■ **EXERCISE AIM**:
Copying exactly, give the lines in the material below from the one with "Definition generates (S" to the one with "forall P : pred", ends included, and nothing besides.

*** Opening MATERIALS PROVIDED ***

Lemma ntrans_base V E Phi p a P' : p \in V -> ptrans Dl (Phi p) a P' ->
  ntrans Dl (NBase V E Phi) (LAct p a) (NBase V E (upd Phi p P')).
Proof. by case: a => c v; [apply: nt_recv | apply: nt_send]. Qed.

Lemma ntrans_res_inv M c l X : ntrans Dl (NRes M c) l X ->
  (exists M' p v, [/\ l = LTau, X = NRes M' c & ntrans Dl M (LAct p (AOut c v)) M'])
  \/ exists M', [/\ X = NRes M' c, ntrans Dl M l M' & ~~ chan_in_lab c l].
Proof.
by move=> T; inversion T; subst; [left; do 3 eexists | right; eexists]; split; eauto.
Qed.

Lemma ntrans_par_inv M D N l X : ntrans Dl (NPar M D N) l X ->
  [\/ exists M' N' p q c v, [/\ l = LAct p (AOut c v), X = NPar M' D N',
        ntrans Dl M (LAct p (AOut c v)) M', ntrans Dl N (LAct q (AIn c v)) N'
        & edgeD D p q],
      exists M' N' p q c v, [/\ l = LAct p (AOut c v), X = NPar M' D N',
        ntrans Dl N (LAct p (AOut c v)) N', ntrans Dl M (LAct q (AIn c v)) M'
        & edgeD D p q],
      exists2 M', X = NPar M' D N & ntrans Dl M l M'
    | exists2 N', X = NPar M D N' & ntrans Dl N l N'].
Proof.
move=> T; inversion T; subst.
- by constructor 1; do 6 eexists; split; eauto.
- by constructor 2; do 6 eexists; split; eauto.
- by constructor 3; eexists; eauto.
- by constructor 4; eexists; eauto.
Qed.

*** Closing MATERIALS PROVIDED ***
*** Opening MATERIALS PROVIDED ***

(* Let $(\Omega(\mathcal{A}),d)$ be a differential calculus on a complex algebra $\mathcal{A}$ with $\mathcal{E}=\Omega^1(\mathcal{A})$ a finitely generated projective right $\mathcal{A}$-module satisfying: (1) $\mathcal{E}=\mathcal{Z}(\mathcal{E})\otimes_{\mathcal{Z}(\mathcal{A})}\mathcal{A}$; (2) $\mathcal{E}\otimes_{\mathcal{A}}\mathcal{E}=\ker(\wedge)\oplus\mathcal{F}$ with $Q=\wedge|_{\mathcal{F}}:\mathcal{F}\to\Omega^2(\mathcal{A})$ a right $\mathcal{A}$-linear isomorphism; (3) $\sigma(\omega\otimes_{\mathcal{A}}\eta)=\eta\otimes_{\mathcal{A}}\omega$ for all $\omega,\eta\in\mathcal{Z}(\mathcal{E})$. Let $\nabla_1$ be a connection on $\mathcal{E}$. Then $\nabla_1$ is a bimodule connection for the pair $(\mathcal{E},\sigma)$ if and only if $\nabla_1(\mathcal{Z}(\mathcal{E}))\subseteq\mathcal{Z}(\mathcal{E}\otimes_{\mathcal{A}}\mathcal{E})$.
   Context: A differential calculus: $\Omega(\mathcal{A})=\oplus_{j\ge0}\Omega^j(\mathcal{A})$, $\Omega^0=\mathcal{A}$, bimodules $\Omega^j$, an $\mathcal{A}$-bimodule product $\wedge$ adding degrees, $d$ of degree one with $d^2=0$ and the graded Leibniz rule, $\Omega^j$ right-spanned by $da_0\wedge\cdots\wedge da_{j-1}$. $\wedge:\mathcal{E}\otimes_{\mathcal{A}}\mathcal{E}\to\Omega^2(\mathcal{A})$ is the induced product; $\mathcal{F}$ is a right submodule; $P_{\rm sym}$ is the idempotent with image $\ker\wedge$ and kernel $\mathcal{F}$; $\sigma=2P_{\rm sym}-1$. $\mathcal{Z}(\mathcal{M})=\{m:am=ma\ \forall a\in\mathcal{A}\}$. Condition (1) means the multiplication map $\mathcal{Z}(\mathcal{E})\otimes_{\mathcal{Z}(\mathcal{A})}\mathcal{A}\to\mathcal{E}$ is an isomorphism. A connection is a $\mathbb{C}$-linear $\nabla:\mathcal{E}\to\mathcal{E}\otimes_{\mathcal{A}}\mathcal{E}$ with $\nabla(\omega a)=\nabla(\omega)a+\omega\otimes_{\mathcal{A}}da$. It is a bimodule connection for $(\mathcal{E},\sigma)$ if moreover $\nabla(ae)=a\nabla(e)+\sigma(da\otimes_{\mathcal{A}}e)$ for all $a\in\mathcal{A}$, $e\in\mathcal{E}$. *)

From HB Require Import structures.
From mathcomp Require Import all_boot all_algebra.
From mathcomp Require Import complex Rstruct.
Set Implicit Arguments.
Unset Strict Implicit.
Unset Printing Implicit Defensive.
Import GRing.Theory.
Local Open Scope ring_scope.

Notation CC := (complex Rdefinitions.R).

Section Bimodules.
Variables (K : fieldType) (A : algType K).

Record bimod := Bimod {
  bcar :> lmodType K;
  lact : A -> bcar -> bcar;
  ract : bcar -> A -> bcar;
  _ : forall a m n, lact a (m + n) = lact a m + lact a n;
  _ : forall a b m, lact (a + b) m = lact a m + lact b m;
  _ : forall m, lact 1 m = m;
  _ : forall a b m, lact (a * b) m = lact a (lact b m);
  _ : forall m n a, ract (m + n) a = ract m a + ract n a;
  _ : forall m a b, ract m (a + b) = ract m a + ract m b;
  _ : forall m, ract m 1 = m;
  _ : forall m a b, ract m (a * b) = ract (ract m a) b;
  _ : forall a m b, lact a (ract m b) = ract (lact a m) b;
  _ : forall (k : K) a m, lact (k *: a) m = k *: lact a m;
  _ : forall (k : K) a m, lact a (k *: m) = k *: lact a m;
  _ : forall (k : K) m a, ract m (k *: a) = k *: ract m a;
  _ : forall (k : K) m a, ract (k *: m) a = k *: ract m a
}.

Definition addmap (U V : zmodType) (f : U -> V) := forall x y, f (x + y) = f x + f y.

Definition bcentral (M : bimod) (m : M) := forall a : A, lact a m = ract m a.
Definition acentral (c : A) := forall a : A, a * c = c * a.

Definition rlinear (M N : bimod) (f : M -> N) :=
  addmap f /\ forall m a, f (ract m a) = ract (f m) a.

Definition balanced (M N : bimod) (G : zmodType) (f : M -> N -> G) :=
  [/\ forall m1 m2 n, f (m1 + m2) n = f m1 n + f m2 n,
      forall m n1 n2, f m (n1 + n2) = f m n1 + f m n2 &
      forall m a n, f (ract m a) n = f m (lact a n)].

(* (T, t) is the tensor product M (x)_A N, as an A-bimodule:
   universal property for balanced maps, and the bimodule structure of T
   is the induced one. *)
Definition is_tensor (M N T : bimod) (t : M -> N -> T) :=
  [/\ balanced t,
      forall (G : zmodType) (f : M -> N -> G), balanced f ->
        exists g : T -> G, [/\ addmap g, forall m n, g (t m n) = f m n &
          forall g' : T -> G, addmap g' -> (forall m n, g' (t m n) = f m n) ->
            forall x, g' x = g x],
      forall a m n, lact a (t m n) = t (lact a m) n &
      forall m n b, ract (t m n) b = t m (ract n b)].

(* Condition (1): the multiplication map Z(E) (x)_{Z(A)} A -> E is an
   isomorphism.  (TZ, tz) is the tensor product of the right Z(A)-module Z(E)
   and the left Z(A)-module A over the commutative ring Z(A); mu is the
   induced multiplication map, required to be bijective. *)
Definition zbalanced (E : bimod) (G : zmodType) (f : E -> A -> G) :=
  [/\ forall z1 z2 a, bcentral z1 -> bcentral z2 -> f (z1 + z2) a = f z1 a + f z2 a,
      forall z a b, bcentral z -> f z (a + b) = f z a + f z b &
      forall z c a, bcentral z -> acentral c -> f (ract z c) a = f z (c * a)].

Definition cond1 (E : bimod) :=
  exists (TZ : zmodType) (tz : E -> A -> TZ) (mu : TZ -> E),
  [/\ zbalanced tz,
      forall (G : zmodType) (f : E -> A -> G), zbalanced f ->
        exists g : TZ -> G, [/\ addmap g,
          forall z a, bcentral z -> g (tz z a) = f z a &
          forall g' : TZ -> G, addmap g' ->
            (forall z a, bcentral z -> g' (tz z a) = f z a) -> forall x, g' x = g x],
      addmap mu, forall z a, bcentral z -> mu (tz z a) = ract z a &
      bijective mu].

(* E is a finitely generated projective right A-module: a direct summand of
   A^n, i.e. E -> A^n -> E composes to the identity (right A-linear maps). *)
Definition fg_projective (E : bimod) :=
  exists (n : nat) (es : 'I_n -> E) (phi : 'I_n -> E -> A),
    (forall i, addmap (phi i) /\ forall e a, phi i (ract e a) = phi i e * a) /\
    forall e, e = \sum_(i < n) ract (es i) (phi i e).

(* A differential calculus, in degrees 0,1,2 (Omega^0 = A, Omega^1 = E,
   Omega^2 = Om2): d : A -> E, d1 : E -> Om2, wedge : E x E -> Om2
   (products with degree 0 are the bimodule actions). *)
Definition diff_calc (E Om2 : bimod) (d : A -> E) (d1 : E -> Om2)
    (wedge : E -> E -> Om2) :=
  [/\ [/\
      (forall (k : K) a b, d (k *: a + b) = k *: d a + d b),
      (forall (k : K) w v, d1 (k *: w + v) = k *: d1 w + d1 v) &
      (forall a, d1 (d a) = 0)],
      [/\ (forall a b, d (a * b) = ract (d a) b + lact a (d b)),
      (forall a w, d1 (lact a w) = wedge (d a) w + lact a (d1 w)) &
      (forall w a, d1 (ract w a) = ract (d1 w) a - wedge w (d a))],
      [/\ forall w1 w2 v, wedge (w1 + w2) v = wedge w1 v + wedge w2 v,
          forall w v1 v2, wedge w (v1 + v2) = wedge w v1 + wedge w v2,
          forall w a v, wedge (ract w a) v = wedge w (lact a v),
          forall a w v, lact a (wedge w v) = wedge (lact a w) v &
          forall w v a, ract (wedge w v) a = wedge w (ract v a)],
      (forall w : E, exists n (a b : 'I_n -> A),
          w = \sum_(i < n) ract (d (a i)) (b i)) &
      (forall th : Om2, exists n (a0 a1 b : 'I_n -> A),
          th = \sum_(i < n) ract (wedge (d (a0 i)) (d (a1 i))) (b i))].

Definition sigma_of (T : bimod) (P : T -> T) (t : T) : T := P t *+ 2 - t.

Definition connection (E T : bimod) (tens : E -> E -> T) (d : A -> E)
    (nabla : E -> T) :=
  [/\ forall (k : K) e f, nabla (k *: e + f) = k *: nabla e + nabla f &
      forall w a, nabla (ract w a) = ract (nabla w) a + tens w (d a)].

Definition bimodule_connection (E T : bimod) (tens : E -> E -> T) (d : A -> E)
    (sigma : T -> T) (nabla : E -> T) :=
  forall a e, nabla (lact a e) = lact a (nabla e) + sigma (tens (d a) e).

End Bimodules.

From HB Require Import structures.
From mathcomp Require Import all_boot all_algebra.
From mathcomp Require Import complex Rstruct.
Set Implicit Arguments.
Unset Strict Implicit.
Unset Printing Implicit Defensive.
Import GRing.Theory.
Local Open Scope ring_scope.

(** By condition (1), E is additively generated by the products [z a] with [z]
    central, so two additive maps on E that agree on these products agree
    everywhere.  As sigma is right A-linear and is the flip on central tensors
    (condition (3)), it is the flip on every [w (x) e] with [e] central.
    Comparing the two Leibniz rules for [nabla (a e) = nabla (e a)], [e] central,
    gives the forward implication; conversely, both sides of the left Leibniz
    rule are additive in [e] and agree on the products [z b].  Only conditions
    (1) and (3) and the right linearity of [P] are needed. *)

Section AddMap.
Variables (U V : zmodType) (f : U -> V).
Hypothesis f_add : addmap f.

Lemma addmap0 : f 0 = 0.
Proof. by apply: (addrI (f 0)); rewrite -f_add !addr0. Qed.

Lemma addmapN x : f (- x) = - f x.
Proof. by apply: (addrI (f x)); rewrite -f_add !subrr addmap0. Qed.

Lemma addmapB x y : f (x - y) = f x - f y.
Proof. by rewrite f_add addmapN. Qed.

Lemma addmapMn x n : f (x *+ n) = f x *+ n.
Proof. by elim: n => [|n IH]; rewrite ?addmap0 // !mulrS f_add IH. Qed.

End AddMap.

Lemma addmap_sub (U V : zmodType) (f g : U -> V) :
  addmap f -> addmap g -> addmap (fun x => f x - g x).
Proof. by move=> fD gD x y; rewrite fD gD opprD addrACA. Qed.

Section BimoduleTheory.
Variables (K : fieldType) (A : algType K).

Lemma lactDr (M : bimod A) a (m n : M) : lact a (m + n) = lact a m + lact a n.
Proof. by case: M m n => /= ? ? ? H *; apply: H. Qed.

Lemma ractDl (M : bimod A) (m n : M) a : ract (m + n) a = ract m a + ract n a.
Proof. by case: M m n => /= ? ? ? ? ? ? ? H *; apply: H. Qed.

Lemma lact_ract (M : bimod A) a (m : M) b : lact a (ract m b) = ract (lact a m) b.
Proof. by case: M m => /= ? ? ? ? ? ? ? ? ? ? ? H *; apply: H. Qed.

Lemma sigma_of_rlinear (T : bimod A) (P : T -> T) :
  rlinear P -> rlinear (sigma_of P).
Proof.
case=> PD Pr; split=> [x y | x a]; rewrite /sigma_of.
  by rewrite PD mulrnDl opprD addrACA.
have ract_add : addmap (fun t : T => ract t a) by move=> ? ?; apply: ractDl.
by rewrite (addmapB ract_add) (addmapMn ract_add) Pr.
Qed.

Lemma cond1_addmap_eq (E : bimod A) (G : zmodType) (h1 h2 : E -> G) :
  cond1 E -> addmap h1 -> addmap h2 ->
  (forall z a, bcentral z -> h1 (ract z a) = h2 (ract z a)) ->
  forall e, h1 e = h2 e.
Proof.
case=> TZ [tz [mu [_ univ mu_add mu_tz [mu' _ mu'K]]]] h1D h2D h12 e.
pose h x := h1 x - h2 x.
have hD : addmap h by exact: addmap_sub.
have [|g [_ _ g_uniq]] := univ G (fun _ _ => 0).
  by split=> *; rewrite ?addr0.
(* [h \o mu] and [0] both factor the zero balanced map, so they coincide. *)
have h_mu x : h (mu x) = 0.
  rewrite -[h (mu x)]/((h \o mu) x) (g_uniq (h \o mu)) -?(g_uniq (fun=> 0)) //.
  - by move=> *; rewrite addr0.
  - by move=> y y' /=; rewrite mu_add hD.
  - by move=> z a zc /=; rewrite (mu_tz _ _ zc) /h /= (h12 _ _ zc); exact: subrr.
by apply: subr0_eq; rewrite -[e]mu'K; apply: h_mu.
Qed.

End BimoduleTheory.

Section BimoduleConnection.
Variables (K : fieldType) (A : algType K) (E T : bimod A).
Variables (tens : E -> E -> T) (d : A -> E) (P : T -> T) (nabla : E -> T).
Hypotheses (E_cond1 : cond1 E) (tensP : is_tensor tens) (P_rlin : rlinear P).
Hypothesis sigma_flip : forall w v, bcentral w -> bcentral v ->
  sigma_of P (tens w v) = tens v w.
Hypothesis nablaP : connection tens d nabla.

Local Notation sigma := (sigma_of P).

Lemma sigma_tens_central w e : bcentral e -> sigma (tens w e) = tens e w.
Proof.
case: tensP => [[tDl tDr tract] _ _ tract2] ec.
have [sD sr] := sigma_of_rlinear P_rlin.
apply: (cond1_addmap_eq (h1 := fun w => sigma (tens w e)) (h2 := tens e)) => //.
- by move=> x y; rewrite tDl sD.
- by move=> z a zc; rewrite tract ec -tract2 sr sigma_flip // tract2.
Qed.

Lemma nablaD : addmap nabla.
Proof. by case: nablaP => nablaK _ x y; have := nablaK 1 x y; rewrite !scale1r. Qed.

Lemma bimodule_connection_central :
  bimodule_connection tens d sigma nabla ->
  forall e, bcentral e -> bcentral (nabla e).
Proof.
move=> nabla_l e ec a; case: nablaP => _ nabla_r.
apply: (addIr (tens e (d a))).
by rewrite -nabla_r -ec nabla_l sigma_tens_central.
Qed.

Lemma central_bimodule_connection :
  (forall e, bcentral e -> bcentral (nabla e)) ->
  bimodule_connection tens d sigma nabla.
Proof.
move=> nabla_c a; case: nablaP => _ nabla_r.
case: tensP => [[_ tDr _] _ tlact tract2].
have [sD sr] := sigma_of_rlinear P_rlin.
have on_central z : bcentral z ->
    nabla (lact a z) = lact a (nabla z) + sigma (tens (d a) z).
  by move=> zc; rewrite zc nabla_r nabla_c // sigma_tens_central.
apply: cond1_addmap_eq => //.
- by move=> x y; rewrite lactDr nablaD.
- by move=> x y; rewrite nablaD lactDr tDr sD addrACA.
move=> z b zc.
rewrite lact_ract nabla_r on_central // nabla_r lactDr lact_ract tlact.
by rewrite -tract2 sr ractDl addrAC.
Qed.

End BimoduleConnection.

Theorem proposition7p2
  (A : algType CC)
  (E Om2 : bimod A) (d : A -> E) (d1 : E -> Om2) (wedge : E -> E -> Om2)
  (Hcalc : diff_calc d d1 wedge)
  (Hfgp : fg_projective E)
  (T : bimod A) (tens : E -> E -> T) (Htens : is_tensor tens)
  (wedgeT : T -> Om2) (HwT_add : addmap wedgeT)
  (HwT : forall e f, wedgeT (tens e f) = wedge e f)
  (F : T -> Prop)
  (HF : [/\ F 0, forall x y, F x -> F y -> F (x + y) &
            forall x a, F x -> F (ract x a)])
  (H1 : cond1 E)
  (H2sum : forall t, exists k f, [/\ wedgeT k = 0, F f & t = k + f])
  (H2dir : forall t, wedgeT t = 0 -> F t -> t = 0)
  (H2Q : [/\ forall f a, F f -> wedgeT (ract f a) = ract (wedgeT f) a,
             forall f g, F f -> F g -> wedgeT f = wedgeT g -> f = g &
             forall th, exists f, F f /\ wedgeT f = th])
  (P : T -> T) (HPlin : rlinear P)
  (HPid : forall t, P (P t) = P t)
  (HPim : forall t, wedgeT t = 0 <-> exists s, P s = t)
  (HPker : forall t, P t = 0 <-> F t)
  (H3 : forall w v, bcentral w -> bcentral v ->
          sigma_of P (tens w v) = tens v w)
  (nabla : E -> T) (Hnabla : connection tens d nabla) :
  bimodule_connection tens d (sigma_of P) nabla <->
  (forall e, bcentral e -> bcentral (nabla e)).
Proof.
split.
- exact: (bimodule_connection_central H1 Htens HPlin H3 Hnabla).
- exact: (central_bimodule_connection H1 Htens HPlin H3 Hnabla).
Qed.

*** Closing MATERIALS PROVIDED ***
*** Opening MATERIALS PROVIDED ***

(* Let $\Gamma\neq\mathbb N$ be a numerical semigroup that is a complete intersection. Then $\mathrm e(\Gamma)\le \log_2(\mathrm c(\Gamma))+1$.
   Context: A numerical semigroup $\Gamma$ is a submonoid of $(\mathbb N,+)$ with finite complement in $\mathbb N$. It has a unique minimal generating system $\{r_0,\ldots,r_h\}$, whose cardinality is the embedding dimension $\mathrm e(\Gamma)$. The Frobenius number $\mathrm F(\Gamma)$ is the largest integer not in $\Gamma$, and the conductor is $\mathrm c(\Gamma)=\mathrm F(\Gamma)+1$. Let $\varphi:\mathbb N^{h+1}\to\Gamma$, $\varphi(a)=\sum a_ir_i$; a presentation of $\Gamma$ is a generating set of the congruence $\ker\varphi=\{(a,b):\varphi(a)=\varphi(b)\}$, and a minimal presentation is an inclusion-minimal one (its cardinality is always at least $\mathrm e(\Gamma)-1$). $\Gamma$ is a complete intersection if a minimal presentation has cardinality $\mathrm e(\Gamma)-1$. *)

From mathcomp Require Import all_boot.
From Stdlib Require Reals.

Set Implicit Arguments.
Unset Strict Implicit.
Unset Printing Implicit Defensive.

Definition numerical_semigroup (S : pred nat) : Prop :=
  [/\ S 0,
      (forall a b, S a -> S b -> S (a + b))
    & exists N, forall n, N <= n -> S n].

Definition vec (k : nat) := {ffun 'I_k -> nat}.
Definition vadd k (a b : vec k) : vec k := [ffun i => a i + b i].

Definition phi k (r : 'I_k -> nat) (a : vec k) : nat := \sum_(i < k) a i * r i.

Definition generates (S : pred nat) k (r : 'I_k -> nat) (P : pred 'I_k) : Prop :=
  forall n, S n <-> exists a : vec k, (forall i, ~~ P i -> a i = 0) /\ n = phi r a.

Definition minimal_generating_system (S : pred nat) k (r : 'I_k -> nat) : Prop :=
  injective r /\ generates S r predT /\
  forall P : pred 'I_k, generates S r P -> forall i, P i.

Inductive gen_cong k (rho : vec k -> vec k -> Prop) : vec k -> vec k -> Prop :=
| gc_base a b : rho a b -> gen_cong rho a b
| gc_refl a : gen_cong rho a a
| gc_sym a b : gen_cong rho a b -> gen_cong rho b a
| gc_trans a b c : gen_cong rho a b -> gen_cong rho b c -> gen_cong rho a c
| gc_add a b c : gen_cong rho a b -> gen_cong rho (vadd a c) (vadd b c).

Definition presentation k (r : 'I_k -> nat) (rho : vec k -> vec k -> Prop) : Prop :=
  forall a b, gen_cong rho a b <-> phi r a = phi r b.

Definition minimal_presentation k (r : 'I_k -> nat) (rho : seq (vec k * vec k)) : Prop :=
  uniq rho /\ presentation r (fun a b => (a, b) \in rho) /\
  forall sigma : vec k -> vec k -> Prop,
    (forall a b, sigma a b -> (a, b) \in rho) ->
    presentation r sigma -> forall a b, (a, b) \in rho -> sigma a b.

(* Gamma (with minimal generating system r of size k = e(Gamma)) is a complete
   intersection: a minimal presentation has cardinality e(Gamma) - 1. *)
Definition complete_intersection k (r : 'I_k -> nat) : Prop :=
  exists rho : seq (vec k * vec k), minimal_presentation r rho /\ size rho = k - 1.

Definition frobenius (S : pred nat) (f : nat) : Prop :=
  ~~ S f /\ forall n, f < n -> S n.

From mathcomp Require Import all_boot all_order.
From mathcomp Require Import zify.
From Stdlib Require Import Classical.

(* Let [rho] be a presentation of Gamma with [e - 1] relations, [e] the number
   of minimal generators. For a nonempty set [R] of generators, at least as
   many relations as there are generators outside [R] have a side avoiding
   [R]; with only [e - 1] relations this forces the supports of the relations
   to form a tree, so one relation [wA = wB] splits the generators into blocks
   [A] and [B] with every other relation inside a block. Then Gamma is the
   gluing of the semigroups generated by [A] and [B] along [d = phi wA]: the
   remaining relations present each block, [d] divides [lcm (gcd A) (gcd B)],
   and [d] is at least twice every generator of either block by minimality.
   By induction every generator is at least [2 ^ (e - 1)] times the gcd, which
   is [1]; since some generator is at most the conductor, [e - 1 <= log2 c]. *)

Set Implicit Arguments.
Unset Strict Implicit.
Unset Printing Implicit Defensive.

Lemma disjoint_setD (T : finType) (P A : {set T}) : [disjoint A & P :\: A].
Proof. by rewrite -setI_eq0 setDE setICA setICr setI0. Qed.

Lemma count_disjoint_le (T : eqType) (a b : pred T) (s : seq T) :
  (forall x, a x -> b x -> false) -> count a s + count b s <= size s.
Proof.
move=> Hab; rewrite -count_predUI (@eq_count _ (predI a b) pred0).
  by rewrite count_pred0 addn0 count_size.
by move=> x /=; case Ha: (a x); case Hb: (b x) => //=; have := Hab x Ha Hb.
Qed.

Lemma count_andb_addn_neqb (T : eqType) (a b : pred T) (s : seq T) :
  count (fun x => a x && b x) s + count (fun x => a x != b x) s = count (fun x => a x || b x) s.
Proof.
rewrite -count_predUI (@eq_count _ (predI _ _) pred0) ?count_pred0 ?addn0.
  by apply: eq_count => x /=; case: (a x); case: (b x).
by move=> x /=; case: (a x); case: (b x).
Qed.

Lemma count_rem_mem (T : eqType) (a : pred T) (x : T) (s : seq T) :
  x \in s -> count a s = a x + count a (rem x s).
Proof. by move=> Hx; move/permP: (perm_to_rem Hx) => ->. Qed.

*** Closing MATERIALS PROVIDED ***

■ **RESULT OF THIS EXERCISE**:
Definition generates (S : pred nat) k (r : 'I_k -> nat) (P : pred 'I_k) : Prop :=
  forall n, S n <-> exists a : vec k, (forall i, ~~ P i -> a i = 0) /\ n = phi r a.

Definition minimal_generating_system (S : pred nat) k (r : 'I_k -> nat) : Prop :=
  injective r /\ generates S r predT /\
  forall P : pred 'I_k, generates S r P -> forall i, P i.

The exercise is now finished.